# Would this neural network have short term memory?

I want to design a NN that can remember it's last 7 actions and use them as inputs. So for example it would be able to store words in it's memory. Therefore if it had a choice of 10 different actions, the number of words it could store is $$10^7$$.

Here is my design:

$$out_{n+1} = f(out_n, in_n)\mathbf{N} + out_n.\mathbf{M}$$

$$action_n = \sigma(\mathbf{N} \cdot out_n)$$

Where $$f$$ represents some layered neural network. Some of the actions would be physical actions and some might be internal (such as thinking of the letter 'C').

Basically I want $$out_n$$ to be an array that keeps the last 6 action values and puts them back in. So $$M$$ will be the matrix:

$$\begin{bmatrix} 0&1&0&0&0&0\\ 0&0&1&0&0&0\\ 0&0&0&1&0&0\\ 0&0&0&0&1&0\\ 0&0&0&0&0&1\\ 0&0&0&0&0&0 \end{bmatrix}$$

i.e. it would drop the 6th item from it's memory.

and $$N$$ would be the vector:

$$\begin{bmatrix} 1&0&0&0&0&0&0 \end{bmatrix}$$

I think this would be equivalent to an equation of the form:

$$out_{n+1}=F(in_n,out_n,out_{n-1},out_{n-2},...,out_{n-6})$$

So I think this would be an advantage over an RNN since this model remembers precisely it's last 6 actions. But would this be better than an RNN or worse? One could increase it's memory to more than 7 quite easily.

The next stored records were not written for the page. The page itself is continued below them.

(* Let $n\ge 2$, let $\Gamma\in\mathcal{M}_n(\mathbb{R})$ be symmetric with entries in $[0,1]$, zero diagonal, and at least one strictly positive off-diagonal entry in each row, such that the weighted graph with weight matrix $\Gamma$ is connected. Let $\boldsymbol{\eta}=\Gamma\mathbf{1}_n$, $L=\operatorname{diag}(\boldsymbol{\eta})-\Gamma$, let $\lambda,\mu>0$, $A=\lambda\mathsf{I}_n+\mu L$, and let $\mathsf{P}_a\coloneqq\operatorname{diag}(A)=\lambda\mathsf{I}_n+\mu\operatorname{diag}(\boldsymbol{\eta})$. Then every eigenvalue $\theta$ of $\mathsf{P}_a^{-1}A$ satisfies \[ \frac{\lambda}{\lambda+\mu\max\boldsymbol{\eta}}\le\theta\le\min\Big\{2,\ \frac{n}{n-1}\,\frac{\rho(L)}{a(L)}\Big\}. \]
   Context: $\mathbf{1}_n$ is the all-ones vector, $\mathsf{I}_n$ the identity. $\rho(L)$ is the spectral radius (largest eigenvalue) of $L$, and $a(L)$ is the algebraic connectivity of $L$, i.e. its second smallest eigenvalue counted with multiplicity (positive since the graph is connected). *)

From HB Require Import structures.
From mathcomp Require Import all_boot all_order all_algebra.
Set Implicit Arguments. Unset Strict Implicit. Unset Printing Implicit Defensive.
Import Order.TTheory GRing.Theory Num.Theory.
Local Open Scope ring_scope.

Definition wconnected (R : numDomainType) (n : nat) (G : 'M[R]_n) : Prop :=
  forall i j : 'I_n, connect (fun x y : 'I_n => 0 < G x y) i j.

Definition degvec (R : nzRingType) (n : nat) (G : 'M[R]_n) : 'cV[R]_n :=
  G *m const_mx 1.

I think it's basically the same archececture as an RNN except elinimating a lot of the connections. Is this a new design or a common design?

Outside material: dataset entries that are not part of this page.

(* Let $M$ be a matroid of rank $k$ on a set $E$ with $\#E=n$, let $\mathfrak{S}\subseteq\mathcal{P}(E)$, and let $\mathfrak{S}'=\{E-S:S\in\mathfrak{S}\}$. Then (1) $\mathrm{ec}_{\mathfrak{S}}(M)=\mathrm{ec}_{\mathfrak{S}'}(M^* )$; and (2) for every $S\in\mathfrak{S}$, $a_{\mathfrak{S}}(S)$ computed in $M$ equals $b_{\mathfrak{S}'}(E-S)$ computed in $M^*$.
   Context: $M^*$ is the dual matroid (bases are complements of bases of $M$; it has rank $n-k$). For a matroid $N$ of rank $d$ on $E$ and $\mathfrak{T}\subseteq\mathcal{P}(E)$, regarded as a poset under inclusion with Möbius function $\mu_{\mathfrak{T}}$: $c(T)=\#T-\mathrm{rk}_N T$; $a_{\mathfrak{T}}(T)=c(T)-\sum_{U\in\mathfrak{T},U\subsetneq T}a_{\mathfrak{T}}(U)$ recursively (equivalently $a_{\mathfrak{T}}(S)=\sum_{T\in\mathfrak{T}}c(T)\mu_{\mathfrak{T}}(T,S)$); $b_{\mathfrak{T}}(T)=\sum_{S\in\mathfrak{T}}(d-\mathrm{rk}_N S)\mu_{\mathfrak{T}}(T,S)$; and $\mathrm{ec}_{\mathfrak{T}}(N)=\sum_{S\in\mathfrak{T}}(d-\mathrm{rk}_N S)a_{\mathfrak{T}}(S)=\sum_{T\in\mathfrak{T}}c(T)b_{\mathfrak{T}}(T)$. *)

From mathcomp Require Import all_boot all_order all_algebra.
Set Implicit Arguments. Unset Strict Implicit. Unset Printing Implicit Defensive.
Import GRing.Theory Num.Theory.
Local Open Scope ring_scope.

Definition is_matroid_bases (E : finType) (Bs : {set {set E}}) : Prop :=
  Bs != set0 /\
  forall B1 B2, B1 \in Bs -> B2 \in Bs -> forall x, x \in B1 :\: B2 ->
    exists2 y, y \in B2 :\: B1 & (y |: (B1 :\ x)) \in Bs.

Definition mrank (E : finType) (Bs : {set {set E}}) (X : {set E}) : nat :=
  (\max_(B in Bs) #|X :&: B|)%N.

Definition mrk (E : finType) (Bs : {set {set E}}) : nat := mrank Bs setT.

Definition dual_bases (E : finType) (Bs : {set {set E}}) : {set {set E}} :=
  [set ~: B | B in Bs].

(* Möbius function of the poset (T, ⊆), defined by the standard recursion
   mu(T,T) = 1, mu(T,S) = - sum_{U in T, T ⊆ U ⊊ S} mu(T,U) for T ⊊ S,
   mu(T,S) = 0 otherwise; n is fuel (enough when n > #|S|). *)
Fixpoint mobius_fuel (E : finType) (P : {set {set E}}) (n : nat)
    (T S : {set E}) : int :=
  match n with
  | 0 => 0
  | n'.+1 =>
    if T == S then 1
    else if T \proper S then
      - \sum_(U in P | (T \subset U) && (U \proper S)) mobius_fuel P n' T U
    else 0
  end.

Definition mobius (E : finType) (P : {set {set E}}) (T S : {set E}) : int :=
  mobius_fuel P #|S|.+1 T S.

Definition cN (E : finType) (Bs : {set {set E}}) (T : {set E}) : int :=
  (#|T|%:Z - (mrank Bs T)%:Z).

Definition aT (E : finType) (P : {set {set E}}) (Bs : {set {set E}})
    (S : {set E}) : int :=
  \sum_(T in P) cN Bs T * mobius P T S.

Definition bT (E : finType) (P : {set {set E}}) (Bs : {set {set E}})
    (T : {set E}) : int :=
  \sum_(S in P) ((mrk Bs)%:Z - (mrank Bs S)%:Z) * mobius P T S.

Definition ec (E : finType) (P : {set {set E}}) (Bs : {set {set E}}) : int :=
  \sum_(S in P) ((mrk Bs)%:Z - (mrank Bs S)%:Z) * aT P Bs S.

From mathcomp Require Import all_boot all_order all_algebra zify.
Set Implicit Arguments. Unset Strict Implicit. Unset Printing Implicit Defensive.
Import GRing.Theory Num.Theory.

(* Complementation reverses inclusion, so it maps the poset [P] anti-isomorphically
   onto [P'] and turns the left-sum identity of the Möbius function of [P'] into
   the right-sum identity for [P]; hence mu_P'(E-S, E-T) = mu_P(T, S).  By rank
   duality rk*(X) = #X - k + rk(E-X), the function d - rk of M is c of M* on
   complements and vice versa, so a_P in M is b_P' in M*.  Part (1) follows from
   part (2) and the symmetric expression ec = sum_T c(T) b(T). *)

Section Mobius.
Variable E : finType.
Implicit Types (Q : {set {set E}}) (T S U V : {set E}).
Local Open Scope ring_scope.

Lemma mobius_fuel_enough Q T n m S : (#|S| < n)%N -> (#|S| < m)%N ->
  mobius_fuel Q n T S = mobius_fuel Q m T S.
Proof.
elim: n m S => [|n IHn] [|m] S //= ltSn ltSm.
case: (T == S) => //; case: (T \proper S) => //.
congr (- _); apply: eq_bigr => U /andP[_ /andP[_ /proper_card ltUS]].
by apply: IHn; apply: leq_trans ltUS _.
Qed.

Lemma mobius_rec Q T S : mobius Q T S =
  if T == S then 1 else if T \proper S then
  - \sum_(U in Q | (T \subset U) && (U \proper S)) mobius Q T U else 0.
Proof.
rewrite {1}/mobius /=; case: (T == S) => //; case: (T \proper S) => //.
congr (- _); apply: eq_bigr => U /andP[_ /andP[_ /proper_card ltUS]].
by apply: mobius_fuel_enough => //; apply: leq_trans ltUS _.
Qed.

Lemma mobius_eq0 Q T S : ~~ (T \subset S) -> mobius Q T S = 0.
Proof.
move=> notTS; rewrite mobius_rec (negbTE (contra (@proper_sub _ _ _) notTS)).
by case: eqP notTS => // ->; rewrite subxx.
Qed.

Lemma sum_interval_delta Q (F : {set E} -> int) T S V :
  V \in Q -> T \subset V -> V \subset S ->
  \sum_(U in Q | (T \subset U) && (U \subset S)) F U * (U == V)%:R = F V.
Proof.
move=> VQ TV VS; rewrite (bigD1 V) /=; last by rewrite VQ TV VS.
by rewrite eqxx mulr1 big1 ?addr0 // => U /andP[_ /negbTE->]; rewrite mulr0.
Qed.

Lemma mobius_sum_left Q T S : S \in Q ->
  \sum_(U in Q | (T \subset U) && (U \subset S)) mobius Q T U = (T == S)%:R.
Proof.
move=> SQ; have [TS|notTS] := boolP (T \subset S); last first.
  rewrite big1 => [|U /andP[_ /andP[TU US]]]; last by rewrite (subset_trans TU US) in notTS.
  by case: eqP notTS => // ->; rewrite subxx.
rewrite (bigD1 S) /=; last by rewrite SQ TS subxx.
rewrite (eq_bigl (fun U => (U \in Q) && ((T \subset U) && (U \proper S)))) => [|U];
  last by rewrite properEneq; case: (U \in Q) (T \subset U) (U \subset S) (U != S) => [] [] [] [].
rewrite mobius_rec; case: eqP => [<-|/eqP neTS].
  by rewrite big1 ?addr0 // => U /andP[_ /andP[TU /proper_sub_trans/(_ TU)]]; rewrite properxx.
by rewrite properEneq neTS TS addNr.
Qed.

Lemma mobius_unique_right Q (nu : {set E} -> {set E} -> int) T S :
  T \in Q -> S \in Q -> T \subset S ->
  (forall V, V \in Q -> \sum_(U in Q | (V \subset U) && (U \subset S)) nu U S = (V == S)%:R) ->
  nu T S = mobius Q T S.
Proof.
move=> TQ SQ TS nu_right.
pose I V := (V \in Q) && ((T \subset V) && (V \subset S)).
pose D := \sum_(V | I V) \sum_(U in Q | (V \subset U) && (U \subset S))
            mobius Q T V * nu U S.
have -> : mobius Q T S = D.
  rewrite -(sum_interval_delta (mobius Q T) SQ TS (subxx S)).
  by apply: eq_bigr => V /andP[VQ _]; rewrite -mulr_sumr nu_right.
rewrite /D (exchange_big_dep I) => [|V U /andP[_ /andP[TV _]] /andP[UQ /andP[VU US]]];
  last by rewrite /I UQ US (subset_trans TV VU).
rewrite -(sum_interval_delta (nu^~ S) TQ (subxx T) TS).
apply: eq_bigr => U /andP[UQ /andP[TU US]].
rewrite eq_sym -(mobius_sum_left T UQ) mulr_sumr.
apply: eq_big => [V|V _]; last exact: mulrC.
rewrite /I UQ US !andbT; case: (V \in Q) (T \subset V) => [] [] //=.
by case VU: (V \subset U); rewrite ?andbF // (subset_trans VU US).
Qed.

Lemma sum_setC (P : {set {set E}}) (F : {set E} -> int) :
  \sum_(X in [set ~: S | S in P]) F X = \sum_(S in P) F (~: S).
Proof. by rewrite big_imset // => X Y _ _; apply: setC_inj. Qed.

Lemma mobius_setC (P : {set {set E}}) T S : T \in P -> S \in P ->
  mobius [set ~: X | X in P] (~: S) (~: T) = mobius P T S.
Proof.
move=> TP SP; have [TS|notTS] := boolP (T \subset S); last by rewrite !mobius_eq0 ?setCS.
apply: (mobius_unique_right (nu := fun U S => mobius _ (~: S) (~: U))) => // V VP.
rewrite -(inj_eq (@setC_inj _)) eq_sym -(mobius_sum_left _ (imset_f _ VP)).
rewrite [RHS]big_mkcondr sum_setC -big_mkcondr.
by apply: eq_bigl => U; rewrite !setCS (andbC (U \subset S)).
Qed.

End Mobius.

Lemma eq_bigmax_shift (I : finType) (A : {pred I}) (F G : I -> nat) k c :
  0 < #|A| -> (forall i, i \in A -> F i + k = G i + c) ->
  \max_(i in A) F i + k = \max_(i in A) G i + c.
Proof.
move=> A_gt0 FG; apply/eqP; rewrite eqn_leq; apply/andP; split.
  by have [i Ai ->] := eq_bigmax_cond F A_gt0; rewrite FG // leq_add2r leq_bigmax_cond.
by have [j Aj ->] := eq_bigmax_cond G A_gt0; rewrite -FG // leq_add2r leq_bigmax_cond.
Qed.

Section Matroid.
Variables (E : finType) (Bs : {set {set E}}).
Hypothesis bases_Bs : is_matroid_bases Bs.

Lemma card_bases_le B1 B2 : B1 \in Bs -> B2 \in Bs -> #|B1| <= #|B2|.
Proof.
have [_ exchange] := bases_Bs.
move: {2}#|B1 :\: B2| (erefl #|B1 :\: B2|) => m.
elim: m B1 => [|m IHm] B1 cardD B1s B2s.
  by apply: subset_leq_card; rewrite -setD_eq0 -cards_eq0 cardD.
have [x xD] : exists x, x \in B1 :\: B2 by apply/set0Pn; rewrite -card_gt0 cardD.
have [y yD B1's] := exchange _ _ B1s B2s x xD.
move: xD yD; rewrite !inE => /andP[xB2 xB1] /andP[yB1 yB2].
have card_B1' : #|y |: (B1 :\ x)| = #|B1|.
  by rewrite cardsU1 !inE (negbTE yB1) andbF (cardsD1 x B1) xB1.
rewrite -card_B1' IHm //.
have -> : (y |: (B1 :\ x)) :\: B2 = (B1 :\: B2) :\ x.
  apply/setP => z; rewrite !inE; case: (z =P y) => [->|_]; first by rewrite yB2 !andbF.
  by rewrite andbCA.
by apply/eqP; rewrite -eqSS -cardD (cardsD1 x (B1 :\: B2)) !inE xB1 xB2.
Qed.

Lemma card_bases B1 B2 : B1 \in Bs -> B2 \in Bs -> #|B1| = #|B2|.
Proof. by move=> B1s B2s; apply/eqP; rewrite eqn_leq !card_bases_le. Qed.

Lemma bases_gt0 : 0 < #|Bs|.
Proof. by rewrite card_gt0; case: bases_Bs. Qed.

Lemma mrk_basis B : B \in Bs -> mrk Bs = #|B|.
Proof.
move=> Bs_B; have := @eq_bigmax_shift _ Bs (fun B' => #|setT :&: B'|) (fun=> 0) 0 #|B|.
rewrite /mrk /mrank big1_eq !addn0 add0n => -> //; first exact: bases_gt0.
by move=> B' Bs_B'; rewrite setTI (card_bases Bs_B' Bs_B) addn0.
Qed.

Lemma mrank_dual X : mrank (dual_bases Bs) X + mrk Bs = #|X| + mrank Bs (~: X).
Proof.
have [B0 Bs_B0] : exists B0, B0 \in Bs by apply/set0Pn; case: bases_Bs.
rewrite /mrank big_imset /= => [|B1 B2 _ _]; last exact: setC_inj.
rewrite [RHS]addnC (mrk_basis Bs_B0); apply: eq_bigmax_shift => [|B Bs_B]; first exact: bases_gt0.
rewrite (card_bases Bs_B0 Bs_B) -setDE setIC -setDE.
have := cardsID B X; have := cardsID X B; rewrite setIC; lia.
Qed.

Lemma mrk_dual : mrk (dual_bases Bs) + mrk Bs = #|E|.
Proof.
rewrite /mrk mrank_dual setCT cardsT /mrank big1 ?addn0 // => B _.
by rewrite set0I cards0.
Qed.

Local Open Scope ring_scope.

Lemma cN_dual_setC S : cN (dual_bases Bs) (~: S) = (mrk Bs)%:Z - (mrank Bs S)%:Z.
Proof. by rewrite /cN; have := mrank_dual (~: S); have := cardsC S; rewrite setCK; lia. Qed.

Lemma mrk_dual_sub_mrank_setC S :
  (mrk (dual_bases Bs))%:Z - (mrank (dual_bases Bs) (~: S))%:Z = cN Bs S.
Proof.
rewrite /cN; have := mrank_dual (~: S); have := mrk_dual; have := cardsC S.
rewrite setCK; lia.
Qed.

Lemma aT_eq_bT_dual (P : {set {set E}}) S : S \in P ->
  aT P Bs S = bT [set ~: X | X in P] (dual_bases Bs) (~: S).
Proof.
move=> SP; rewrite /bT sum_setC; apply: eq_bigr => T TP.
by rewrite mobius_setC // mrk_dual_sub_mrank_setC.
Qed.

End Matroid.

Local Open Scope ring_scope.

Lemma ec_sum_cN_bT (E : finType) (P Bs : {set {set E}}) :
  ec P Bs = \sum_(T in P) cN Bs T * bT P Bs T.
Proof.
rewrite /ec; under eq_bigr do rewrite /aT mulr_sumr; rewrite exchange_big /=.
by apply: eq_bigr => T _; rewrite /bT mulr_sumr; apply: eq_bigr => S _; rewrite mulrCA.
Qed.

Theorem proposition6p2 (E : finType) (Bs : {set {set E}}) (P : {set {set E}}) :
  is_matroid_bases Bs ->
  let P' := [set ~: S | S in P] in
  ec P Bs = ec P' (dual_bases Bs) /\
  (forall S, S \in P -> aT P Bs S = bT P' (dual_bases Bs) (~: S)).
Proof.
move=> bases_Bs P'; split; last exact: aT_eq_bT_dual.
rewrite [RHS]ec_sum_cN_bT /P' sum_setC /ec; apply: eq_bigr => S SP.
by rewrite (aT_eq_bT_dual bases_Bs SP) cN_dual_setC.
Qed.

One problem with this design is that you might also want a memory that is over longer time periods (e.g. for actions that take more than one tick.) But that might be solved by enhancing the archecture.

Congrats, you have invented 1d convolution. Convolution combined with RNN would have some advantage over just RNN. Think about the perception field. In this layer, you do aggregate $$6$$ values to one. Imagine two of them - it will be $$36$$ already, etc. But, in the end, you still need RNN at the end to aggregate a variable length to constant length.